The Cornered Cat
Marketing

A few days ago, A Girl and Her Gun posted this as her status on Facebook:

Got a request to post about a site(I have received several recently, some are good). It’s a gun range and the tagline is fun and safety. Big long section on attention to detail and saefty. The site has a host of half naked chicks ALL with their guns in the air and ALL with fingers on the trigger. Anyone want to guess what my answer was??
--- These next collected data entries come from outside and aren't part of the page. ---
Lemma linearized_system_p_eq_q :
  (forall r, 0 < r < pi -> linearized_system p q r) -> forall r, 0 <= r <= pi -> p r = q r.
Proof.
move=> sys.
pose u0 z := p z - q z; pose u1 z := derive1 p z - derive1 q z.
pose u2 z := derive1n 2 p z - derive1n 2 q z.
pose h z := sin z ^+ 2 * u2 z + sin z * cos z * u1 z + (2 * sin z ^+ 2 - 9) * u0 z.
have h0 : forall z, 0 <= z <= pi -> h z = 0.
  apply: itvcc_zero_of_itvoo (pi_gt0 R) _ _.
    by move=> z; apply: is_derive1_continuous.
  by move=> z zI; apply: linearized_system_diff (sys z zI); rewrite gt_eqF // sin_gt0_pi.
have u0_end z : 0 <= z <= pi -> sin z = 0 -> u0 z = 0.
  by move=> /h0; rewrite /h => + s0; rewrite s0; lra.
have u0_0 : u0 0 = 0 by rewrite u0_end ?sin0 // lexx pi_ge0.
have u0_pi : u0 pi = 0 by rewrite u0_end ?sinpi // lexx pi_ge0.
have eq_u z : 0 < z < pi -> h z = 0 by move=> zI; apply: h0; case/andP: zI => *; rewrite !ltW.
have le_u : forall z, 0 <= z <= pi -> u0 z <= 0.
  apply: (@linearized_diff_max_principle _ u0 u1 u2) => //.
  by move=> z; apply: is_derive1_continuous.
have ge_u : forall z, 0 <= z <= pi -> - u0 z <= 0.
  apply: (@linearized_diff_max_principle _ (fun z => - u0 z) (fun z => - u1 z) (fun z => - u2 z)).
  - by move=> z; apply: is_derive1_continuous.
  - by move=> z /eq_u; rewrite /h; lra.
  - by rewrite u0_0 oppr0.
  - by rewrite u0_pi oppr0.
by move=> r rI; have := le_u r rI; have := ge_u r rI; rewrite /u0; lra.
Qed.

Lemma sol_coef_is_derive0 (r : R) : sin r != 0 ->
  derive1 (derive1 p) r = p r + 2 * derive1 p r * cot r ->
  is_derive r 1 (sol_coef1 p) 0 /\ is_derive r 1 (sol_coef2 p) 0.
Proof.
move=> s0 p2E; have s2 : sin r ^+ 2 != 0 by rewrite expf_neq0.
by split; apply: is_derive_eq; rewrite /GRing.scale /= p2E /cot; field.
Qed.

Lemma linearized_system_is_sol : (forall r, 0 < r < pi -> linearized_system p q r) ->
  exists c1 c2 : R, forall r, 0 <= r <= pi -> p r = sol c1 c2 r /\ q r = sol c1 c2 r.
Proof.
move=> sys; have pq := linearized_system_p_eq_q sys.
have inI (y : R) : 0 < y < pi -> 0 <= y <= pi by case/andP => *; rewrite !ltW.
have s0 (r : R) : 0 < r < pi -> sin r != 0 by move=> rI; rewrite gt_eqF // sin_gt0_pi.
have d0 r : 0 < r < pi -> is_derive r 1 (sol_coef1 p) 0 /\ is_derive r 1 (sol_coef2 p) 0.
  move=> rI; apply: sol_coef_is_derive0 (s0 r rI) _.
  apply: linearized_system_reduced (sys r rI); first exact: pq (inI r rI).
  by apply: derive1_eq_itvoo rI _ => y /inI /pq.
have pi0 := pi_gt0 R.
have mid : 0 < (pi : R) / 2 < pi by apply/andP; split; lra.
set c1 := sol_coef1 p (pi / 2); set c2 := sol_coef2 p (pi / 2).
have psol r : 0 < r < pi -> p r = sol c1 c2 r.
  move=> rI; rewrite (sol_coefE p (s0 r rI)).
  rewrite (is_derive0_itvoo_const (fun z zI => (d0 z zI).1) rI mid).
  by rewrite (is_derive0_itvoo_const (fun z zI => (d0 z zI).2) rI mid).
have pE r : 0 <= r <= pi -> p r = sol c1 c2 r.
  move=> rI; apply/eqP; rewrite -subr_eq0; apply/eqP; move: r rI.
  apply: itvcc_zero_of_itvoo (pi_gt0 R) _ _ => [z | z zI].
    exact: is_derive1_continuous.
  by rewrite psol ?subrr.
by exists c1, c2 => r rI; rewrite -pq // pE.
Qed.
Like AGirl, I don’t care a bit how a woman chooses to make her living, as long as it’s legal and harms no one else. However, I agree with her that the image of women handling firearms dangerously or carelessly isn’t one I want to promote and it sure isn’t one I want to encourage. That’s something I’ve worked against for more than ten years now, after all. The old joke about how guys won’t even notice the firearm in the picture—let alone what the woman’s trigger finger is doing—just doesn’t cut it for me. I wouldn’t want to be associated with any company that pictures dangerous behavior in their ads.

But there’s something else I wanted to say about this. Two things, really. First, I’m a capitalist and a believer in both free speech and a free market. When marketing offends or simply fails to reach its intended audience, the audience should simply walk away. And for the most part, we do. I don’t have a problem with this at all. It’s the way things should work in a free society.
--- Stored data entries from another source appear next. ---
(* Let $f:X\to\mathcal G$ be convex and $x_0\in\operatorname{dom} f$. If $x_0$ solves the set-valued Minty inequality, i.e. for all $x\in X$ with $f(x)\ne f(x_0)$ one has $f'(x,x_0-x)\not\subseteq 0^+f(x)$, then it solves the scalarized Minty inequality, i.e. for all $x\in X$ with $f(x)\neq f(x_0)$ there exists $z^*\in C^-\setminus\{0\}$ with $\varphi_{f,z^*}(x)\ne-\infty$ and $\varphi'_{f,z^*}(x,x_0-x)<0$. If additionally the strong regularity condition $\varphi_{f'(x,\cdot),z^*}(u)=\varphi'_{f,z^*}(x,u)$ holds for all $z^*\in C^-\setminus\{0\}$ and all $x,u\in X$, then $x_0$ solves the set-valued Minty inequality if and only if it solves the scalarized one.
   Context: $X$ real linear space, $Z$ real locally convex Hausdorff space with dual $Z^*$, $C\subseteq Z$ closed convex cone, $0\in C$, $C^-=\{z^*:z^*(c)\le0\ \forall c\in C\}$, $C^-\setminus\{0\}\ne\emptyset$. $\mathcal G=\{A\subseteq Z:A=\operatorname{cl}\operatorname{co}(A+C)\}$; $A\oplus B=\operatorname{cl}\{a+b\}$, $tA=\{ta\}$ ($t>0$), $A\ominus B=\{z:B+\{z\}\subseteq A\}$; $0^+A=\{z:A+\{z\}\subseteq A\}$ for $A\ne\emptyset$, $0^+\emptyset=\emptyset$. $f$ convex: $f(tx_1+(1-t)x_2)\supseteq tf(x_1)\oplus(1-t)f(x_2)$; $\operatorname{dom}f=\{x:f(x)\ne\emptyset\}$. $f'(x,u)=\bigcap_{t_0>0}\operatorname{cl}\operatorname{co}\bigcup_{0<t<t_0}\frac1t(f(x+tu)\ominus f(x))$. On $\overline{\mathbb R}$: inf-addition $\dot+$ ($(-\infty)\dot+(+\infty)=+\infty$), $r\ominus s=\inf\{t\in\mathbb R:r\le s\dot+t\}$ ($\inf\emptyset=+\infty$). $\varphi_{f,z^*}(x)=\inf\{-z^*(z):z\in f(x)\}$ ($+\infty$ if $f(x)=\emptyset$), $\varphi_{f'(x,\cdot),z^*}(u)=\inf\{-z^*(z):z\in f'(x,u)\}$, $\varphi'_{f,z^*}(x,u)=\inf_{t>0}\frac1t(\varphi_{f,z^*}(x+tu)\ominus\varphi_{f,z^*}(x))$. *)

From HB Require Import structures.
From mathcomp Require Import all_boot all_order all_algebra.
From mathcomp Require Import all_classical all_reals all_analysis.
Set Implicit Arguments. Unset Strict Implicit. Unset Printing Implicit Defensive.
Import Order.TTheory GRing.Theory Num.Theory.
Local Open Scope classical_set_scope.
Local Open Scope ring_scope.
My second point relates directly to my first: I avoid buying guns or gun-related products from companies that use near-naked, “sex sells” marketing because such ads make it clear that the company does not want my business, or the business of any other woman. Oh, they’re happy enough to sell stuff to us, if we’re willing to buy it from them. But they aren’t after our business. Marketing efforts like this just show that the company marketing managers don’t believe women are part of the gun-buying public, and that they don’t care whether we buy from them or not. If they did want our dollars, they would tone down the pure sex sale, and go instead for an approach that could appeal to all of us.

When a company isn’t after our business, why should we give it to them?